(What is needed) Every line of the material below, from the top through the line with "generate the whole", should be reproduced exactly.

(Information supplied)
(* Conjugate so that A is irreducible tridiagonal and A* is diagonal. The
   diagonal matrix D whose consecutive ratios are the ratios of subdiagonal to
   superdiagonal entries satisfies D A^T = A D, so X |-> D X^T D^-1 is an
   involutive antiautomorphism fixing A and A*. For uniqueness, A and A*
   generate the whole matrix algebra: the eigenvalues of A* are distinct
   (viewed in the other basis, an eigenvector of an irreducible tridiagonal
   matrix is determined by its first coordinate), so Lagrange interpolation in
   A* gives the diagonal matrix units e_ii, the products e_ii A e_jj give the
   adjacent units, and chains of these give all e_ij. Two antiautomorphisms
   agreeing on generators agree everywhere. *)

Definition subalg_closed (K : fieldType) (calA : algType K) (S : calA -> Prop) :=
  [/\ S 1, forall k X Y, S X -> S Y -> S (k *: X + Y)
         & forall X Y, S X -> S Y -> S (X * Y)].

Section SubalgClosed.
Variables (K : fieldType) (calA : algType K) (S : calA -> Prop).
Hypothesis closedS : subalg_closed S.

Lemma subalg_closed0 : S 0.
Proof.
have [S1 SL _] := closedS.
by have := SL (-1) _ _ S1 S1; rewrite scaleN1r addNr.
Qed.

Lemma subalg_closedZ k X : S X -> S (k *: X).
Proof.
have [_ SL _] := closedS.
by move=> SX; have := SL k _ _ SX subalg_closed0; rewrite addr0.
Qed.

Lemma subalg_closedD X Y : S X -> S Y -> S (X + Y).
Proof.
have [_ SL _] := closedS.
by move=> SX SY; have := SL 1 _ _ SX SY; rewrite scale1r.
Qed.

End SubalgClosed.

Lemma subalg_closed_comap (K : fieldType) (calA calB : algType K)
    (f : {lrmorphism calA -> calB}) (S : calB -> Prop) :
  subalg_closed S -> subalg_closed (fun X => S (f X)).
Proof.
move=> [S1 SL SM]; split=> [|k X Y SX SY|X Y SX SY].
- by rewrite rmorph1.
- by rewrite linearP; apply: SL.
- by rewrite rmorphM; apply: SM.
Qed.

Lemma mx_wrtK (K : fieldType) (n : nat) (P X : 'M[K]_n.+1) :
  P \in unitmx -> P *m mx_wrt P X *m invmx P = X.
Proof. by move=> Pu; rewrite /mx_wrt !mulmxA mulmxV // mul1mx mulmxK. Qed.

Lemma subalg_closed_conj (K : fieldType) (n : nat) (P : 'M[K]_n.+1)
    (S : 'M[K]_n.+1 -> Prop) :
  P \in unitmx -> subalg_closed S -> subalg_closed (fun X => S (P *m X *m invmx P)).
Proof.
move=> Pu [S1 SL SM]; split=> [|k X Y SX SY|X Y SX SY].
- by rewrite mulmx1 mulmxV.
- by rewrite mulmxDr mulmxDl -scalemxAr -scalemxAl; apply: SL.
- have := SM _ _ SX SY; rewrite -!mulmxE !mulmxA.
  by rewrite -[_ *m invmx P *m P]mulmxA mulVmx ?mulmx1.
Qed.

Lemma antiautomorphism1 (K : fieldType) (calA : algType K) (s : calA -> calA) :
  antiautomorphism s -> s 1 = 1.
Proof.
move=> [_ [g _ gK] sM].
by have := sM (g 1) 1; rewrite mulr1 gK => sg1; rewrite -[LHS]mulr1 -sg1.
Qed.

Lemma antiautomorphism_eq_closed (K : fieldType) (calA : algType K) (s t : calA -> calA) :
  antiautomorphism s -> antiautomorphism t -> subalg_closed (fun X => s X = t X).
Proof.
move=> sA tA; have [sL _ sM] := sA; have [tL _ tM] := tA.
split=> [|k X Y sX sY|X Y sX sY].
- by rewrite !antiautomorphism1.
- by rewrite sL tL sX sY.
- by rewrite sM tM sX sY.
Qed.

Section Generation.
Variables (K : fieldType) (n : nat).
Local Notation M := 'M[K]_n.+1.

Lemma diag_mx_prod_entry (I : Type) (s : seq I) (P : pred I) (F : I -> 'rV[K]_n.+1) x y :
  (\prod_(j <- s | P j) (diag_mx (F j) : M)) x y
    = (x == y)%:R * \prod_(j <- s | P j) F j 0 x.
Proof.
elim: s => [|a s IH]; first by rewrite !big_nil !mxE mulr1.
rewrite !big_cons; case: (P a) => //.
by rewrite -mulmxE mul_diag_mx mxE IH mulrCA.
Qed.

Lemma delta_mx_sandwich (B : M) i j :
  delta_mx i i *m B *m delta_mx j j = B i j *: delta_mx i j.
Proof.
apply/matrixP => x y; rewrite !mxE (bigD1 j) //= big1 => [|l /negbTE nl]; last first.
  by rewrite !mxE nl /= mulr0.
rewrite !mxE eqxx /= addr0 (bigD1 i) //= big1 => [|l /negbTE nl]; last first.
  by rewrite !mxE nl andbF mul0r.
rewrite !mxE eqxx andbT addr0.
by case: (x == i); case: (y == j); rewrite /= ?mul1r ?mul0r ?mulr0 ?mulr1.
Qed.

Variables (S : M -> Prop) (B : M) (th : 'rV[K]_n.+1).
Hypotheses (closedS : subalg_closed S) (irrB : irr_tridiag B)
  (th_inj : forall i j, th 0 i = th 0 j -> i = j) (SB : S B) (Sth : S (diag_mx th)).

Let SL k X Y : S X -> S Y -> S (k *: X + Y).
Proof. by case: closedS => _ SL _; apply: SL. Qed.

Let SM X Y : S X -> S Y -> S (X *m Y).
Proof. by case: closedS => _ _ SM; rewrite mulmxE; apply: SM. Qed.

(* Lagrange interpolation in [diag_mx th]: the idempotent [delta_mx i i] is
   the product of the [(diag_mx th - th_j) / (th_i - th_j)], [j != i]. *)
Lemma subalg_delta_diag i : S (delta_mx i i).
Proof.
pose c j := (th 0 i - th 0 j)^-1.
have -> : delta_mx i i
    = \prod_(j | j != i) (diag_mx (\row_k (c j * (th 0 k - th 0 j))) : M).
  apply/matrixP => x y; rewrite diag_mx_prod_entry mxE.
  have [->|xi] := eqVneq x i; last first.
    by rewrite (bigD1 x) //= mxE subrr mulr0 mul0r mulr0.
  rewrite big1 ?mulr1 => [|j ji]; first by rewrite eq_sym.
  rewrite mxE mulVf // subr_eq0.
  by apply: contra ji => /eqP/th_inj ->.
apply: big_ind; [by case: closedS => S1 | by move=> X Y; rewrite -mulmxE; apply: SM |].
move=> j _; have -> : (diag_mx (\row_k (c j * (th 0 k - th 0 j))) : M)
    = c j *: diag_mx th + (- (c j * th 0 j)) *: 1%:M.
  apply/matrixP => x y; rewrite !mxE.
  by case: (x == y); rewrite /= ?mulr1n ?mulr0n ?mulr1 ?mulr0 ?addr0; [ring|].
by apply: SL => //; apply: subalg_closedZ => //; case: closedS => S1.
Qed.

(Exercise result)
(* Conjugate so that A is irreducible tridiagonal and A* is diagonal. The
   diagonal matrix D whose consecutive ratios are the ratios of subdiagonal to
   superdiagonal entries satisfies D A^T = A D, so X |-> D X^T D^-1 is an
   involutive antiautomorphism fixing A and A*. For uniqueness, A and A*
   generate the whole matrix algebra: the eigenvalues of A* are distinct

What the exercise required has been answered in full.